DETAILED DESCRIPTION
[0009] The disclosure is illustrated by way of example and not by
way of limitation in the figures of the accompanying drawings in
which like reference numerals indicate the same or similar
elements. It should be noted that references to "an" or "one"
embodiment in this disclosure are not necessarily to the same
embodiment, and such references can mean "at least one."
[0010] FIG. 1 shows a shielding package. The shielding package
comprises a substrate 9, the substrate 9 has a first surface 9b and
a second surface 9c parallel to the first surface 9b. Referring to
FIG. 2, at least one component is disposed on the substrate 9. The
component may be an exposed chip 8 adhesively bonded to the
substrate 9, the component may be an exposed chip 8 flipped and
soldered in the substrate 9 to form a flip chip 1, the component
also can be a passive device 6 assembled on the substrate 9. And
the component is disposed on the first surface 9b of the substrate
9. Referring to FIG. 3 and FIG.4, the shielding package further
comprises a glue-injection layer 2 covering the component and
filling the gap between the component and the substrate 9.
Referring to FIG. 5, a shielding metal layer 3 covers the outer
surface of the glue-injection layer 2. A grounding terminal 5 is
positioned on the outer side of the second surface 9c. The
substrate 9 defines a first through hole 9a corresponding to the
location of the grounding terminal 5. The first through hole 9a
passes from the first surface 9b to the second surface 9c. At least
one component defines a second through hole 1a. A conductive layer
is coated on the inner wall of the first through hole 9a and the
second through hole 1a. The glue-injection layer 2 defines a notch
2a (as shown in FIG. 4). A conductor inside the notch 2a can
communicate with the shielding metal layer 3 and the conductive
layer of the second through hole 1a. The shielding metal layer 3,
the conductive layer of the second through hole 1a, the conductive
layer of the first through hole 9a, and the grounding terminal 5
are connected in sequence to form a conductive loop, and the
shielding metal layer 3 is grounded.
[0011] In the embodiment, the grounding terminal 5 is positioned on
the second surface 9c of the substrate 9 to directly connect to
ground. In an alternative embodiment, the grounding terminal 5 may
be disposed on any part of the substrate 9 which is without a
coated layer. The grounding terminal 5 may be directly connected to
ground. In an alternative embodiment, the grounding terminal 5 may
be connected to a grounded shell of other electrical equipment. The
shielding metal layer 3 may be grounded by either method.

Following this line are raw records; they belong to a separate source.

(* For every formula $A$ of $\mathbf{L_1}$: $\vdash_{\mathbf{HL_1}}A$ if and only if $\dashv_H A$ (i.e. $A$ is a theorem of $\mathbf{HAR}$).
   Context: Formulas of $\mathbf{L_1}$: built from atomic formulas $\epsilon ab$ ($a,b$ name variables, possibly equal) with primitive connectives $\vee,\sim$; $\wedge,\supset,\equiv$ defined as usual. Disjunctions may be associated in any way. $\vdash_H A$: $A$ belongs to the smallest set containing all instances of classical propositional tautologies and all formulas $\epsilon ab\supset\epsilon aa$, $(\epsilon ab\wedge\epsilon bc)\supset\epsilon ac$, $(\epsilon ab\wedge\epsilon bb)\supset\epsilon ba$, closed under modus ponens. Positive/negative parts (occurrences): $A$ is a positive part of $A$; if $B\vee C$ is a positive part then $B,C$ are positive parts; if $\sim B$ is a positive part then $B$ is a negative part; if $\sim B$ is a negative part then $B$ is a positive part. $F[B_+,B_-]$ denotes a formula in which some $B$ has one occurrence as positive part and another non-overlapping occurrence as negative part. Hintikka formula: a formula $H$ such that (1) $H$ is not of the form $F[B_+,B_-]$; (2) if $B\vee C$ is a negative part of $H$ then $B$ or $C$ is; (3) if $\epsilon ab$ is a negative part then so is $\epsilon aa$; (4) if $\epsilon ab,\epsilon bc$ are negative parts then so is $\epsilon ac$; (5) if $\epsilon ab,\epsilon bb$ are negative parts then so is $\epsilon ba$. $\mathbf{HAR}$: fix a name variable $a_0$; $\dashv_H$ is the smallest set such that $\dashv_H\epsilon a_0a_0$; $\dashv_H\sim\epsilon a_0a_0$; if $\vdash_H A\supset B$ and $\dashv_H B$ then $\dashv_H A$; if $\dashv_H A$ and $A$ is obtained from $B$ by uniform substitution of name variables for name variables then $\dashv_H B$; if $A$ is a Hintikka formula that is a disjunction of atomic or negated atomic formulas, $\dashv_H A$, and $\epsilon ab$ is not a negative part of $A$, then $\dashv_H A\vee\epsilon ab$. $\mathbf{HL_1}$: $\vdash_{\mathbf{HL_1}}$ is the smallest set of formulas containing every Hintikka formula and such that $\vdash_H A\supset B$ and $\vdash_{\mathbf{HL_1}}B$ imply $\vdash_{\mathbf{HL_1}}A$. *)

From Stdlib Require Import List Bool.
Import ListNotations.

Definition name := nat.

Inductive formula : Type :=
| Eps : name -> name -> formula
| Or  : formula -> formula -> formula
| Not : formula -> formula.

Definition Imp (A B : formula) : formula := Or (Not A) B.
Definition And (A B : formula) : formula := Not (Or (Not A) (Not B)).
Definition Iff (A B : formula) : formula := And (Imp A B) (Imp B A).

Fixpoint eval (v : name -> name -> bool) (A : formula) : bool :=
  match A with
  | Eps a b => v a b
  | Or B C => eval v B || eval v C
  | Not B => negb (eval v B)
  end.

Definition tautology (A : formula) : Prop := forall v, eval v A = true.

Inductive provH : formula -> Prop :=
| H_taut : forall A, tautology A -> provH A
| H_ax1 : forall a b, provH (Imp (Eps a b) (Eps a a))
| H_ax2 : forall a b c, provH (Imp (And (Eps a b) (Eps b c)) (Eps a c))
| H_ax3 : forall a b, provH (Imp (And (Eps a b) (Eps b b)) (Eps b a))
| H_mp : forall A B, provH (Imp A B) -> provH A -> provH B.

(* Occurrences of parts are addressed by paths from the root. *)
Inductive dir : Type := dL | dR | dN.

(* [sub pos A p] : the subformula reached from A along path p, provided every
   step is licensed by the positive/negative-part rules (A itself having
   polarity [pos], true = positive), together with its polarity. *)
Fixpoint sub (pos : bool) (A : formula) (p : list dir) : option (formula * bool) :=
  match p with
  | [] => Some (A, pos)
  | d :: p' =>
      match d, A with
      | dL, Or B _ => if pos then sub pos B p' else None
      | dR, Or _ C => if pos then sub pos C p' else None
      | dN, Not B => sub (negb pos) B p'
      | _, _ => None
      end
  end.

Definition pos_part (A B : formula) : Prop :=
  exists p, sub true A p = Some (B, true).
Definition neg_part (A B : formula) : Prop :=
  exists p, sub true A p = Some (B, false).

Fixpoint is_prefix (p q : list dir) : Prop :=
  match p, q with
  | [], _ => True
  | d :: p', e :: q' => d = e /\ is_prefix p' q'
  | _ :: _, [] => False
  end.

(* A is of the form F[B_+, B_-]. *)
Definition has_pos_neg (A : formula) : Prop :=
  exists B p q,
    sub true A p = Some (B, true) /\ sub true A q = Some (B, false) /\
    ~ is_prefix p q /\ ~ is_prefix q p.

Definition hintikka (H : formula) : Prop :=
  ~ has_pos_neg H /\
  (forall B C, neg_part H (Or B C) -> neg_part H B \/ neg_part H C) /\
  (forall a b, neg_part H (Eps a b) -> neg_part H (Eps a a)) /\
  (forall a b c, neg_part H (Eps a b) -> neg_part H (Eps b c) ->
                 neg_part H (Eps a c)) /\
  (forall a b, neg_part H (Eps a b) -> neg_part H (Eps b b) ->
               neg_part H (Eps b a)).

Inductive literal : formula -> Prop :=
| lit_pos : forall a b, literal (Eps a b)
| lit_neg : forall a b, literal (Not (Eps a b)).

Inductive lit_disj : formula -> Prop :=
| ld_lit : forall A, literal A -> lit_disj A
| ld_or : forall A B, lit_disj A -> lit_disj B -> lit_disj (Or A B).

Fixpoint subst (s : name -> name) (A : formula) : formula :=
  match A with
  | Eps a b => Eps (s a) (s b)
  | Or B C => Or (subst s B) (subst s C)
  | Not B => Not (subst s B)
  end.

Inductive refH (a0 : name) : formula -> Prop :=
| R_ax1 : refH a0 (Eps a0 a0)
| R_ax2 : refH a0 (Not (Eps a0 a0))
| R_mp : forall A B, provH (Imp A B) -> refH a0 B -> refH a0 A
| R_subst : forall A B (s : name -> name),
    refH a0 A -> A = subst s B -> refH a0 B
| R_ext : forall A a b,
    hintikka A -> lit_disj A -> refH a0 A -> ~ neg_part A (Eps a b) ->
    refH a0 (Or A (Eps a b)).

Inductive provHL1 : formula -> Prop :=
| HL1_hint : forall A, hintikka A -> provHL1 A
| HL1_back : forall A B, provH (Imp A B) -> provHL1 B -> provHL1 A.

From Stdlib Require Import List Bool Lia ClassicalEpsilon.
Import ListNotations.

(* Both systems are characterised by one semantic notion.  A valuation of the
   atomic formulas is admissible when it validates the three ontological
   axioms of H, and A is invalid when some admissible valuation falsifies it.

   1. Soundness: every H-theorem is true under every admissible valuation, so
      invalidity propagates backwards along H-provable implications.
   2. A Hintikka formula is falsified by its canonical valuation (eps a b true
      iff eps a b is a negative part); this valuation is admissible.  Hence
      every HL1-theorem and every HAR-theorem is invalid.
   3. Diagram lemma: if A is falsified by an admissible v, the disjunction H of
      the literals "v is false here" over the names of A is a Hintikka formula,
      A -> H is a tautology, and H is refutable in HAR: its negative literals
      form a refutable base, and the positive literals are added one by one
      with the Hintikka extension rule.
   The theorem follows: from either side we get invalidity, then the diagram
   H gives the other side by a single backward step along A -> H. *)

(** * Paths and parts *)

Lemma sub_app pos A p q :
  sub pos A (p ++ q) =
  match sub pos A p with Some (B, b) => sub b B q | None => None end.
Proof.
  revert pos A; induction p as [|d p IH]; intros pos A; [destruct A; reflexivity|].
  destruct d, A; try destruct pos; simpl; try apply IH; reflexivity.
Qed.

Lemma sub_nil pos X : sub pos X [] = Some (X, pos).
Proof. destruct X; reflexivity. Qed.

Fixpoint fsize (F : formula) : nat :=
  match F with Eps _ _ => 1 | Or A B => S (fsize A + fsize B) | Not A => S (fsize A) end.

Lemma sub_shrinks r : forall pos X Y b,
  sub pos X r = Some (Y, b) -> r = [] \/ fsize Y < fsize X.
Proof.
  induction r as [|d r IH]; intros pos X Y b H; [left; reflexivity|right].
  destruct d, X; simpl in H; try destruct pos; try discriminate;
  destruct (IH _ _ _ _ H) as [->|Hl]; try rewrite sub_nil in H; simpl in *;
  try (injection H; intros; subst); simpl; lia.
Qed.

Lemma is_prefix_app p : forall q, is_prefix p q -> exists r, q = p ++ r.
Proof.
  induction p as [|d p IH]; intros q H; [exists q; reflexivity|].
  destruct q as [|e q]; simpl in H; [contradiction|]. destruct H as [-> H].
  destruct (IH _ H) as [r ->]. exists r; reflexivity.
Qed.

(* Two nested occurrences of the same formula are the same occurrence, hence
   they have the same polarity. *)
Lemma nested_same_polarity F p q X b1 b2 :
  sub true F p = Some (X, b1) -> sub true F q = Some (X, b2) ->
  is_prefix p q -> b1 = b2.
Proof.
  intros Hp Hq Hpre. destruct (is_prefix_app _ _ Hpre) as [r ->].
  rewrite sub_app, Hp in Hq. destruct (sub_shrinks _ _ _ _ _ Hq) as [->|Hl].
  - rewrite sub_nil in Hq. congruence.
  - lia.
Qed.

Lemma sub_snoc F p X b d :
  sub true F p = Some (X, b) -> sub true F (p ++ [d]) = sub b X [d].
Proof. intros Hp; rewrite sub_app, Hp; reflexivity. Qed.

Lemma pos_part_or_l F B C : pos_part F (Or B C) -> pos_part F B.
Proof. intros [p Hp]; exists (p ++ [dL]); rewrite (sub_snoc _ _ _ _ _ Hp); apply sub_nil. Qed.
Lemma pos_part_or_r F B C : pos_part F (Or B C) -> pos_part F C.
Proof. intros [p Hp]; exists (p ++ [dR]); rewrite (sub_snoc _ _ _ _ _ Hp); apply sub_nil. Qed.
Lemma pos_part_not F B : pos_part F (Not B) -> neg_part F B.
Proof. intros [p Hp]; exists (p ++ [dN]); rewrite (sub_snoc _ _ _ _ _ Hp); apply sub_nil. Qed.
Lemma neg_part_not F B : neg_part F (Not B) -> pos_part F B.
Proof. intros [p Hp]; exists (p ++ [dN]); rewrite (sub_snoc _ _ _ _ _ Hp); apply sub_nil. Qed.

(** * Admissible valuations and soundness of H *)

Definition admissible (v : name -> name -> bool) : Prop :=
  (forall a b, v a b = true -> v a a = true) /\
  (forall a b c, v a b = true -> v b c = true -> v a c = true) /\
  (forall a b, v a b = true -> v b b = true -> v b a = true).

Definition invalid (A : formula) : Prop := exists v, admissible v /\ eval v A = false.

Lemma eval_imp v A B : eval v (Imp A B) = negb (eval v A) || eval v B.
Proof. reflexivity. Qed.

Lemma provH_sound A : provH A -> forall v, admissible v -> eval v A = true.
Proof.
  induction 1 as [A Ht|a b|a b c|a b|A B _ IHAB _ IHA]; intros v Hv;
    destruct Hv as [h1 [h2 h3]]; unfold Imp, And; simpl.
  - apply Ht.
  - destruct (v a b) eqn:E; simpl; eauto.
  - destruct (v a b) eqn:E1, (v b c) eqn:E2; simpl; eauto.
  - destruct (v a b) eqn:E1, (v b b) eqn:E2; simpl; eauto.
  - specialize (IHAB v (conj h1 (conj h2 h3))). specialize (IHA v (conj h1 (conj h2 h3))).
    rewrite eval_imp, IHA in IHAB. exact IHAB.
Qed.

Lemma invalid_back A B : provH (Imp A B) -> invalid B -> invalid A.
Proof.
  intros HAB [v [Hv HB]]. exists v; split; [exact Hv|].
  pose proof (provH_sound _ HAB v Hv) as E.
  rewrite eval_imp, HB, orb_false_r in E. apply negb_true_iff, E.
Qed.

Lemma eval_subst v s B : eval v (subst s B) = eval (fun x y => v (s x) (s y)) B.
Proof. induction B; simpl; congruence. Qed.

(** * The canonical valuation of a Hintikka formula *)

Definition canon (F : formula) : name -> name -> bool :=
  fun x y => if excluded_middle_informative (neg_part F (Eps x y)) then true else false.

Lemma canon_spec F x y : canon F x y = true <-> neg_part F (Eps x y).
Proof.
  unfold canon; destruct (excluded_middle_informative _); split; intro;
    auto; try discriminate; contradiction.
Qed.

Lemma hintikka_parts_eval F : hintikka F -> forall X,
  (pos_part F X -> eval (canon F) X = false) /\
  (neg_part F X -> eval (canon F) X = true).
Proof.
  intros [hpn [hor _]] X.
  induction X as [a b|X1 IH1 X2 IH2|X IH]; split; intro Hx; simpl.
  - destruct (canon F a b) eqn:E; [exfalso|reflexivity].
    apply canon_spec in E. destruct Hx as [p Hp], E as [q Hq].
    apply hpn. exists (Eps a b), p, q. repeat split; [exact Hp|exact Hq| |].
    + intro Hpre; discriminate (nested_same_polarity _ _ _ _ _ _ Hp Hq Hpre).
    + intro Hpre; discriminate (nested_same_polarity _ _ _ _ _ _ Hq Hp Hpre).
  - apply canon_spec, Hx.
  - rewrite (proj1 IH1 (pos_part_or_l _ _ _ Hx)), (proj1 IH2 (pos_part_or_r _ _ _ Hx)).
    reflexivity.
  - destruct (hor _ _ Hx) as [H1|H1].
    + rewrite (proj2 IH1 H1); reflexivity.
    + rewrite (proj2 IH2 H1), orb_true_r; reflexivity.
  - rewrite (proj2 IH (pos_part_not _ _ Hx)); reflexivity.
  - rewrite (proj1 IH (neg_part_not _ _ Hx)); reflexivity.
Qed.

Lemma hintikka_invalid F : hintikka F -> admissible (canon F) /\ eval (canon F) F = false.
Proof.
  intros Hh. pose proof Hh as [_ [_ [h3 [h4 h5]]]]. split.
  - repeat split; intros *; rewrite !canon_spec; eauto.
  - apply (hintikka_parts_eval F Hh). exists []. apply sub_nil.
Qed.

[0012] Referring to FIG. 5, when the component is an exposed chip
8, the exposed chip 8 is flipped and soldered in the substrate 9 to
form a flip chip 1. Specifically, the exposed chip 8 is mounted and
connected to the substrate 9 through a plurality of conductive
copper columns 10 and flip bonding pins 1c. Thus the conductive
layer of the first through hole 9a, the conductive layer of the
second through hole 1a, and the flip bonding pin 1c are
conductively connected through the conductive copper column 10, and
a pathway as a conductive loop is formed by connecting the
shielding metal layer 3, the conductor inside the notch 2a (as
shown in FIG. 4), the conductive layer of the second through hole
1a, the conductive layer of the first through hole 9a, the
conductive copper column 10, the flip bonding pin 1c, and the
grounding terminal 5. The shielding metal layer 3 must also be
grounded. When the component is an exposed chip 8, the exposed chip
8 may be adhesively bonded to the substrate 9 and electricity
connected to the substrate by a bonding wire 7. The component also
can be a passive device 6 or surface mounted packaged chip
assembled on the substrate.
[0013] To simplify the structure and processing of the shielding
package, the conductor is a part of the shielding metal layer 3
inside the notch 2a. Taking the flip chip 1 as an example, and
referring to FIG. 6, the flip chip 1 includes a chip body lb.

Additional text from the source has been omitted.